(* Consider the pay-to-bid game without re-entry with $n\ge 2$ players and fixed $\rho\le 0$, played according to its unique symmetric subgame perfect equilibrium. As $\frac{v-s}{c}\to\infty$ (equivalently, as $\lambda:=\frac{u(c)}{u(v-s)}\to 0^+$): (I) the expected number of rounds of the game tends to infinity; (II) if $n>2$, the probability that the number of active players is reduced to exactly two at some round before the game ends tends to $1$, i.e. $\Pr\{T_{n,2}<T_{n,1}\}\to 1$; (III) if $n>2$, $\frac{\mathbb{E}[T_{n,2}]}{\mathbb{E}[T_{n,1}]}\to 0$, i.e. the expected time until $n-2$ players have exited is negligible relative to the expected length of the auction.
   Context: Pay-to-bid game: an object has monetary value $v>0$ that is common knowledge; there are $n\ge 2$ players; the bid fee is $c>0$ and the fixed sale price is $s\ge 0$, with $c<v-s$. Play proceeds in rounds with complete information. In each round every active player simultaneously chooses an action in $\{\text{Bid},\text{No Bid}\}$. Each Bid costs $c$, paid immediately to the seller. If exactly one active player bids, she wins the object (value $v$), pays $s$, and the game ends; if two or more bid, play continues; if none bids, the round is replayed (a replay is not counted as a new round). Without re-entry, the active players in the next round are exactly those who bid in the current round. Players do not discount; payoff is $u$(final wealth) with $u(x)=\frac{1-e^{-\rho x}}{\rho}$ for a constant $\rho<0$, or $u(x)=x$ when $\rho=0$. In the unique symmetric subgame perfect equilibrium, when $m$ players are active each plays Bid with probability $1-\lambda^{1/(m-1)}$, where $\lambda=u(c)/u(v-s)$. For $1\le m<n$, $T_{n,m}$ denotes the number of rounds, in the game starting with $n$ active players, until the number of active players is at most $m$; in particular $T_{n,1}$ is the round in which the game ends, and $T_{n,2}<T_{n,1}$ means that at some round before the end exactly two players are active. *)

From Stdlib Require Import Reals Lra Lia.
Open Scope R_scope.

Definition util (rho x : R) : R :=
  if Req_EM_T rho 0 then x else (1 - exp (- rho * x)) / rho.

Definition lambda (rho c v s : R) : R := util rho c / util rho (v - s).

(* Equilibrium bid probability with m active players: 1 - lambda^{1/(m-1)}. *)
Definition bidprob (lam : R) (m : nat) : R :=
  1 - Rpower lam (/ INR (m - 1)).

(* One-round transition probability from m active players to k active players
   (k = number of bidders), with replays (nobody bids) removed by conditioning
   on at least one bid.  State 1 means the game has ended (absorbing). *)
Definition trans (lam : R) (m k : nat) : R :=
  match m with
  | O => 0
  | S O => if Nat.eqb k 1 then 1 else 0
  | _ =>
    if andb (Nat.leb 1 k) (Nat.leb k m) then
      let p := bidprob lam m in
      C m k * p ^ k * (1 - p) ^ (m - k) / (1 - (1 - p) ^ m)
    else 0
  end.

(* dist lam n t j = Pr(number of active players after t rounds is j),
   starting with n active players (t = 0). Once the game ended (state 1),
   the state stays 1. *)
Fixpoint dist (lam : R) (n t j : nat) : R :=
  match t with
  | O => if Nat.eqb j n then 1 else 0
  | S t' => sum_f_R0 (fun i => dist lam n t' i * trans lam i j) n
  end.

(* Pr(T_{n,m} > t) = Pr(more than m players active after t rounds)
   (the number of active players is non-increasing). *)
Definition surv (lam : R) (n m t : nat) : R :=
  sum_f_R0 (fun j => if Nat.ltb m j then dist lam n t j else 0) n.

(* Pr(T_{n,2} = t+1 and exactly two players are active after round t+1),
   i.e. more than two players active after round t and exactly two after
   round t+1.  Summing over t gives Pr(T_{n,2} < T_{n,1}). *)
Definition enter2 (lam : R) (n t : nat) : R :=
  sum_f_R0 (fun j => if Nat.ltb 2 j then dist lam n t j * trans lam j 2 else 0) n.

From Pilot Require Import Defs.
From Stdlib Require Import Reals Lra Lia.
Open Scope R_scope.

TO DO
Put down each entry again, unchanged and complete.

RESPONSE TO THE EXERCISE
(* Consider the pay-to-bid game without re-entry with $n\ge 2$ players and fixed $\rho\le 0$, played according to its unique symmetric subgame perfect equilibrium. As $\frac{v-s}{c}\to\infty$ (equivalently, as $\lambda:=\frac{u(c)}{u(v-s)}\to 0^+$): (I) the expected number of rounds of the game tends to infinity; (II) if $n>2$, the probability that the number of active players is reduced to exactly two at some round before the game ends tends to $1$, i.e. $\Pr\{T_{n,2}<T_{n,1}\}\to 1$; (III) if $n>2$, $\frac{\mathbb{E}[T_{n,2}]}{\mathbb{E}[T_{n,1}]}\to 0$, i.e. the expected time until $n-2$ players have exited is negligible relative to the expected length of the auction.
   Context: Pay-to-bid game: an object has monetary value $v>0$ that is common knowledge; there are $n\ge 2$ players; the bid fee is $c>0$ and the fixed sale price is $s\ge 0$, with $c<v-s$. Play proceeds in rounds with complete information. In each round every active player simultaneously chooses an action in $\{\text{Bid},\text{No Bid}\}$. Each Bid costs $c$, paid immediately to the seller. If exactly one active player bids, she wins the object (value $v$), pays $s$, and the game ends; if two or more bid, play continues; if none bids, the round is replayed (a replay is not counted as a new round). Without re-entry, the active players in the next round are exactly those who bid in the current round. Players do not discount; payoff is $u$(final wealth) with $u(x)=\frac{1-e^{-\rho x}}{\rho}$ for a constant $\rho<0$, or $u(x)=x$ when $\rho=0$. In the unique symmetric subgame perfect equilibrium, when $m$ players are active each plays Bid with probability $1-\lambda^{1/(m-1)}$, where $\lambda=u(c)/u(v-s)$. For $1\le m<n$, $T_{n,m}$ denotes the number of rounds, in the game starting with $n$ active players, until the number of active players is at most $m$; in particular $T_{n,1}$ is the round in which the game ends, and $T_{n,2}<T_{n,1}$ means that at some round before the end exactly two players are active. *)

From Stdlib Require Import Reals Lra Lia.
Open Scope R_scope.

Definition util (rho x : R) : R :=
  if Req_EM_T rho 0 then x else (1 - exp (- rho * x)) / rho.

Definition lambda (rho c v s : R) : R := util rho c / util rho (v - s).

(* Equilibrium bid probability with m active players: 1 - lambda^{1/(m-1)}. *)
Definition bidprob (lam : R) (m : nat) : R :=
  1 - Rpower lam (/ INR (m - 1)).

(* One-round transition probability from m active players to k active players
   (k = number of bidders), with replays (nobody bids) removed by conditioning
   on at least one bid.  State 1 means the game has ended (absorbing). *)
Definition trans (lam : R) (m k : nat) : R :=
  match m with
  | O => 0
  | S O => if Nat.eqb k 1 then 1 else 0
  | _ =>
    if andb (Nat.leb 1 k) (Nat.leb k m) then
      let p := bidprob lam m in
      C m k * p ^ k * (1 - p) ^ (m - k) / (1 - (1 - p) ^ m)
    else 0
  end.

(* dist lam n t j = Pr(number of active players after t rounds is j),
   starting with n active players (t = 0). Once the game ended (state 1),
   the state stays 1. *)
Fixpoint dist (lam : R) (n t j : nat) : R :=
  match t with
  | O => if Nat.eqb j n then 1 else 0
  | S t' => sum_f_R0 (fun i => dist lam n t' i * trans lam i j) n
  end.

(* Pr(T_{n,m} > t) = Pr(more than m players active after t rounds)
   (the number of active players is non-increasing). *)
Definition surv (lam : R) (n m t : nat) : R :=
  sum_f_R0 (fun j => if Nat.ltb m j then dist lam n t j else 0) n.

(* Pr(T_{n,2} = t+1 and exactly two players are active after round t+1),
   i.e. more than two players active after round t and exactly two after
   round t+1.  Summing over t gives Pr(T_{n,2} < T_{n,1}). *)
Definition enter2 (lam : R) (n t : nat) : R :=
  sum_f_R0 (fun j => if Nat.ltb 2 j then dist lam n t j * trans lam j 2 else 0) n.

From Pilot Require Import Defs.
From Stdlib Require Import Reals Lra Lia.
Open Scope R_scope.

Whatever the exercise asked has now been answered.